--- Data listing Enclosed Below ---
Lemma c0D u w : c0 (u + w) = c0 u + c0 w. Proof. by rewrite /c0 mxE. Qed.
Lemma c1D u w : c1 (u + w) = c1 u + c1 w. Proof. by rewrite /c1 mxE. Qed.
Lemma c2D u w : c2 (u + w) = c2 u + c2 w. Proof. by rewrite /c2 mxE. Qed.
Lemma c0N u : c0 (- u) = - c0 u. Proof. by rewrite /c0 mxE. Qed.
Lemma c1N u : c1 (- u) = - c1 u. Proof. by rewrite /c1 mxE. Qed.
Lemma c2N u : c2 (- u) = - c2 u. Proof. by rewrite /c2 mxE. Qed.
Lemma c0Z k u : c0 (k *: u) = k * c0 u. Proof. by rewrite /c0 mxE. Qed.
Lemma c1Z k u : c1 (k *: u) = k * c1 u. Proof. by rewrite /c1 mxE. Qed.
Lemma c2Z k u : c2 (k *: u) = k * c2 u. Proof. by rewrite /c2 mxE. Qed.
Lemma c00 : c0 (0 : 'rV[F]_3) = 0. Proof. by rewrite /c0 mxE. Qed.
Lemma c10 : c1 (0 : 'rV[F]_3) = 0. Proof. by rewrite /c1 mxE. Qed.
Lemma c20 : c2 (0 : 'rV[F]_3) = 0. Proof. by rewrite /c2 mxE. Qed.
Lemma c0_cross u w : c0 (cross3 u w) = c1 u * c2 w - c2 u * c1 w.
Proof. by rewrite {1}/c0 mxE inordK. Qed.
Lemma c1_cross u w : c1 (cross3 u w) = c2 u * c0 w - c0 u * c2 w.
Proof. by rewrite {1}/c1 mxE inordK. Qed.
Lemma c2_cross u w : c2 (cross3 u w) = c0 u * c1 w - c1 u * c0 w.
Proof. by rewrite {1}/c2 mxE inordK. Qed.

Definition coordE := (c0D, c1D, c2D, c0N, c1N, c2N, c0Z, c1Z, c2Z, c00, c10, c20,
  c0_cross, c1_cross, c2_cross).

Lemma dot3E u w : dot3 u w = c0 u * c0 w + c1 u * c1 w + c2 u * c2 w.
Proof.
rewrite /dot3 !big_ord_recr big_ord0 /= add0r /c0 /c1 /c2.
by congr (_ * _ + _ * _ + _ * _); congr (_ _ _); apply/val_inj; rewrite /= inordK.
Qed.

Lemma dot3C u w : dot3 u w = dot3 w u.
Proof. by rewrite !dot3E; ring. Qed.

Lemma dot3_delta i u : dot3 (delta_mx ord0 i) u = u ord0 i.
Proof.
rewrite /dot3 (bigD1 i) //= mxE !eqxx mul1r big1 ?addr0 // => j ji.
by rewrite mxE (negbTE ji) andbF mul0r.
Qed.

Lemma crossDl u w z : cross3 (u + w) z = cross3 u z + cross3 w z.
Proof. by apply: row3P; rewrite !coordE; ring. Qed.
Lemma crossDr u w z : cross3 z (u + w) = cross3 z u + cross3 z w.
Proof. by apply: row3P; rewrite !coordE; ring. Qed.
Lemma crossZl k u z : cross3 (k *: u) z = k *: cross3 u z.
Proof. by apply: row3P; rewrite !coordE; ring. Qed.
Lemma crossZr k u z : cross3 z (k *: u) = k *: cross3 z u.
Proof. by apply: row3P; rewrite !coordE; ring. Qed.
Lemma crossC u w : cross3 u w = - cross3 w u.
Proof. by apply: row3P; rewrite !coordE; ring. Qed.
Lemma crossvv u : cross3 u u = 0.
Proof. by apply: row3P; rewrite !coordE; ring. Qed.

Lemma cross0v u : cross3 0 u = 0.
Proof. by apply: row3P; rewrite !coordE; ring. Qed.
Lemma crossv0 u : cross3 u 0 = 0.
Proof. by rewrite crossC cross0v oppr0. Qed.

Lemma cross_triple u w z : cross3 z (cross3 u w) = dot3 z w *: u - dot3 z u *: w.
Proof. by apply: row3P; rewrite !dot3E !coordE; ring. Qed.

(* [w] is proportional to [u] because some basis covector [e] has [e.u != 0],
   and [e x (u x w) = (e.w) u - (e.u) w] vanishes. *)
Lemma cross_eq0_parallel u w : u != 0 -> cross3 u w = 0 -> exists k, w = k *: u.
Proof.
move=> u0 uw0; have [i ui] : exists i, u ord0 i != 0.
  apply/existsP; apply: contraNT u0; rewrite negb_exists => /forallP u_eq0.
  by apply/eqP/rowP => j; rewrite mxE; apply/eqP/negPn/u_eq0.
have := cross_triple u w (delta_mx ord0 i); rewrite uw0 crossv0 !dot3_delta.
move/esym/eqP; rewrite subr_eq0 => /eqP e.
by exists (w ord0 i / u ord0 i); rewrite mulrC -scalerA e scalerA mulVf ?scale1r.
Qed.

Lemma cross_orthogonal u w z : z != 0 -> dot3 u z = 0 -> dot3 w z = 0 ->
  exists k, cross3 u w = k *: z.
Proof.
move=> z0 uz wz; apply: cross_eq0_parallel z0 _.
by rewrite cross_triple dot3C wz dot3C uz !scale0r subr0.
Qed.

Lemma cross_free_orthogonal u w z : free [:: u; w; z] ->
  dot3 u z = 0 -> dot3 w z = 0 -> exists2 k, k != 0 & cross3 u w = k *: z.
Proof.
move=> free_uwz uz wz.
have z0 : z != 0 by apply: free_not0 free_uwz _; rewrite !inE eqxx !orbT.
have u0 : u != 0 by apply: free_not0 free_uwz _; rewrite !inE eqxx.
have [k ek] := cross_orthogonal z0 uz wz; exists k => //.
apply: contraTneq free_uwz => k0.
have [m wm] : exists m, w = m *: u by apply: cross_eq0_parallel u0 _; rewrite ek k0 scale0r.
rewrite -(free_rot 1) /= free_cons wm memvZ //.
by rewrite memv_span // !inE eqxx orbT.
Qed.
--- End of Enclosed Data listing ---
- Your task -
All lines above from the one with "Lemma c2N u" to the one with "Lemma c0_cross u", inclusive, should be copied exactly, and no other lines.

- Solution for this problem -
Lemma c2N u : c2 (- u) = - c2 u. Proof. by rewrite /c2 mxE. Qed.
Lemma c0Z k u : c0 (k *: u) = k * c0 u. Proof. by rewrite /c0 mxE. Qed.
Lemma c1Z k u : c1 (k *: u) = k * c1 u. Proof. by rewrite /c1 mxE. Qed.
Lemma c2Z k u : c2 (k *: u) = k * c2 u. Proof. by rewrite /c2 mxE. Qed.
Lemma c00 : c0 (0 : 'rV[F]_3) = 0. Proof. by rewrite /c0 mxE. Qed.
Lemma c10 : c1 (0 : 'rV[F]_3) = 0. Proof. by rewrite /c1 mxE. Qed.
Lemma c20 : c2 (0 : 'rV[F]_3) = 0. Proof. by rewrite /c2 mxE. Qed.
Lemma c0_cross u w : c0 (cross3 u w) = c1 u * c2 w - c2 u * c1 w.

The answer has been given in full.